Use --format text when the CI log should show the catalog's bundle counts,
catalogStatus, triage status, and snapshot-diff or real-data policy failure
counts directly beside the generated index path.
edgp triage-summary turns a report bundle directory, a deterministic report
bundle archive, or a list of EDGP JSON reports into one
edgp.triage.summary.v1 JSON rollup. It reports pass/warn/fail status, graph
size, advisory findings, denied license findings, npm diagnostic signals,
graph-diff, diff-tree, real-data coverage, and real-data coverage diff policy
gate failures, replacement-plan and replacement-plan-diff policy gate failures,
performance-report counts, benchmark scenario counts, max benchmark graph
size, contiguous-layout performance evidence,
parallel-query report/query/path-query/result-node/path-node counts,
memory-mapped parallel-query report counts, bundle-catalog integrity and
underlying triage status, and the source report list so CI systems and
workbench/RAG contexts can read one compact artifact instead of stitching
together every report manually.
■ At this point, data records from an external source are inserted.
Lemma ratio_unbounded_at_left (K c : R -> R) (a b : R) :
  a < b -> continuity_pt K b -> continuity_pt c b -> 0 < K b -> c b <= 0 ->
  (forall t, a <= t < b -> 0 < c t) ->
  forall M, exists t, a <= t < b /\ M < K t / c t.
Proof.
  intros Hab HK Hc HKb Hcb Hpos M.
  pose proof (Rabs_pos M). pose proof (Rle_abs M).
  set (e := K b / (2 * (Rabs M + 1))).
  assert (He : 0 < e) by (apply Rdiv_lt_0_compat; lra).
  assert (HKe : K b / 2 = (Rabs M + 1) * e) by (unfold e; field; lra).
  destruct (continuity_pt_eps _ _ HK (K b / 2)) as [d1 [Hd1 HKnear]]; [lra|].
  destruct (continuity_pt_eps _ _ Hc e He) as [d2 [Hd2 Hcnear]].
  assert (Hd : 0 < Rmin d1 d2) by (apply Rmin_glb_lt; lra).
  pose proof (Rmin_l d1 d2). pose proof (Rmin_r d1 d2).
  set (d := Rmin d1 d2) in *.
  pose proof (Rmax_l a (b - d / 2)). pose proof (Rmax_r a (b - d / 2)).
  assert (Rmax a (b - d / 2) < b) by (apply Rmax_lub_lt; lra).
  set (t := Rmax a (b - d / 2)) in *.
  assert (Ht : a <= t < b) by lra.
  assert (Hdist : Rabs (t - b) < d) by (rewrite Rabs_left; lra).
  specialize (HKnear t ltac:(lra)). specialize (Hcnear t ltac:(lra)).
  apply Rabs_def2 in HKnear. apply Rabs_def2 in Hcnear.
  pose proof (Hpos t Ht).
  assert (K t / c t * c t = K t) by (field; lra).
  assert ((Rabs M + 1) * c t < K t) by nra.
  exists t. split; [exact Ht|]. nra.
Qed.

Lemma sqrt_1_plus_sq_pos (a : R) : 0 < sqrt (1 + a ^ 2).
Proof. apply sqrt_lt_R0. nra. Qed.

Lemma sqrt_1_plus_sq_sq (a : R) : sqrt (1 + a ^ 2) * sqrt (1 + a ^ 2) = 1 + a ^ 2.
Proof. apply sqrt_sqrt. nra. Qed.

(* Signed distance from the origin to the tangent line at (t, f t), positive on the
   side of the epigraph. *)
Definition alpha (f g : R -> R) (t : R) : R := (t * g t - f t) / sqrt (1 + g t ^ 2).

Definition bisector_x (r : R) (f g : R -> R) (t : R) : R :=
  t + g t / (2 * sqrt (1 + g t ^ 2)) * ((t ^ 2 + f t ^ 2 - r ^ 2) / (r - alpha f g t)).

Definition bisector_dx (r : R) (f g g2 : R -> R) (t : R) : R :=
  (1 + g t * (t + f t * g t) / ((r - alpha f g t) * sqrt (1 + g t ^ 2))) *
  (1 + g2 t * (t ^ 2 + f t ^ 2 - r ^ 2) /
         (2 * (r - alpha f g t) * sqrt (1 + g t ^ 2) ^ 3)).

(* The hypotheses of the theorem with g = f' and g2 = f''; convexity is used only
   through the tangent-line inequality. *)
Set Implicit Arguments.
Record admissible (r : R) (f g g2 : R -> R) : Prop := {
  radius_pos : 0 < r;
  f_pos : forall t, 0 < f t;
  outside_disk : forall t, r ^ 2 < t ^ 2 + f t ^ 2;
  f_derive : forall t, is_derive f t (g t);
  g_derive : forall t, is_derive g t (g2 t);
  above_tangents : forall a b, f b + g b * (a - b) <= f a }.
Unset Implicit Arguments.

Section Bisector.

Context {r : R} {f g g2 : R -> R} (Hadm : admissible r f g g2).

Lemma f_ex_derive t : ex_derive f t.
Proof. exists (g t). exact (f_derive Hadm t). Qed.

Lemma g_ex_derive t : ex_derive g t.
Proof. exists (g2 t). exact (g_derive Hadm t). Qed.

Lemma g_nondecreasing a b : a <= b -> g a <= g b.
Proof. exact (slopes_nondecreasing_of_tangents f g (above_tangents Hadm) a b). Qed.

Lemma g2_nonneg t : 0 <= g2 t.
Proof. exact (derive_nonneg_of_nondecreasing g t _ g_nondecreasing (g_derive Hadm t)). Qed.

Lemma alpha_derive t :
  is_derive (alpha f g) t (g2 t * (t + f t * g t) / sqrt (1 + g t ^ 2) ^ 3).
Proof.
  pose proof (sqrt_1_plus_sq_pos (g t)) as Hs. pose proof (sqrt_1_plus_sq_sq (g t)) as Hss.
  unfold alpha. auto_derive.
  - repeat split; try apply f_ex_derive; try apply g_ex_derive; simpl in Hs; nra.
  - rewrite (is_derive_unique (fun u : R => f u) t _ (f_derive Hadm t)),
      (is_derive_unique (fun u : R => g u) t _ (g_derive Hadm t)).
    replace (g t * (g t * 1)) with (g t ^ 2) by ring.
    set (s := sqrt (1 + g t ^ 2)) in *.
    replace (t + f t * g t) with (t * (s * s) - (t * g t - f t) * g t) by (rewrite Hss; ring).
    field. lra.
Qed.

Lemma alpha_ge_radius_sign t : r <= alpha f g t -> 0 < t * g t.
Proof.
  intros Hout. unfold alpha in Hout.
  pose proof (sqrt_1_plus_sq_pos (g t)) as Hs. pose proof (f_pos Hadm t).
  pose proof (radius_pos Hadm).
  assert ((t * g t - f t) / sqrt (1 + g t ^ 2) * sqrt (1 + g t ^ 2) = t * g t - f t)
    by (field; lra).
  nra.
Qed.

Lemma alpha_ge_radius_outward a t : r <= alpha f g a -> 0 <= a * (t - a) -> r <= alpha f g t.
Proof.
  intros Ha Hdir. destruct (Req_dec a t) as [<-|Hne]; [exact Ha|].
  pose proof (alpha_ge_radius_sign a Ha) as Hag.
  destruct (MVT_gen (alpha f g) a t
              (fun u => g2 u * (u + f u * g u) / sqrt (1 + g u ^ 2) ^ 3)) as [c [Hc E]].
  - intros u _. apply alpha_derive.
  - intros u _. exact (continuity_pt_of_is_derive _ _ _ (alpha_derive u)).
  - pose proof (f_pos Hadm c) as Hfc.
    assert (Hside : 0 < (c + f c * g c) * (t - a)).
    { destruct (Rlt_or_le 0 a) as [Hapos|Haneg].
      - assert (a < t) by nra. rewrite Rmin_left, Rmax_right in Hc by lra.
        pose proof (g_nondecreasing a c (proj1 Hc)). assert (0 < g a) by nra.
        assert (0 < f c * g c) by (apply Rmult_lt_0_compat; lra).
        apply Rmult_lt_0_compat; lra.
      - assert (a <> 0) by (intros ->; lra). assert (t < a) by nra.
        rewrite Rmin_right, Rmax_left in Hc by lra.
        pose proof (g_nondecreasing c a (proj2 Hc)). assert (g a < 0) by nra.
        assert (f c * g c < 0) by nra.
        nra. }
    pose proof (g2_nonneg c).
    pose proof (sqrt_1_plus_sq_pos (g c)) as Hs. pose proof (pow_lt _ 3 Hs).
    assert (0 <= g2 c * ((c + f c * g c) * (t - a)) / sqrt (1 + g c ^ 2) ^ 3)
      by (apply Rdiv_le_0_compat; nra).
    assert (g2 c * (c + f c * g c) / sqrt (1 + g c ^ 2) ^ 3 * (t - a) =
            g2 c * ((c + f c * g c) * (t - a)) / sqrt (1 + g c ^ 2) ^ 3) by (field; lra).
    lra.
Qed.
Rendered triage-summary HTML includes dedicated
graph-diff and diff-tree policy findings panels when graph-drift gates fail;
graph-diff findings preserve both coarse failOnChange/matchedChanges and
semantic package failOnKind/matchedKinds gates.
Use --format text for a compact CI log line that keeps status, failed checks,
graph-diff and diff-tree policy failures, performance evidence, parallel-query
workload metrics, npm signals, and catalog failures visible without parsing
the full JSON rollup.
--fail-on-status warn|fail still
prints the selected format and returns status 2 when the computed status
reaches the selected threshold. When a bundle catalog is one of the inputs,
triage top findings preserve the catalog's matched graph-diff and diff-tree
policy details plus real-data and replacement-plan failure codes for
batch-level review.
- deepen resolver conflict explanations toward full PubGrub semantics;
- harden ecosystem adapters with larger real-world fixture suites;
- support curated vulnerability annotations and reachability policies;
- add GraphBLAS or GPU-backed traversal adapters for very large static graphs;
- turn dry-run Cypher, SBOM, and report-bundle submission plans into authenticated submission clients for automated DevSecOps flows.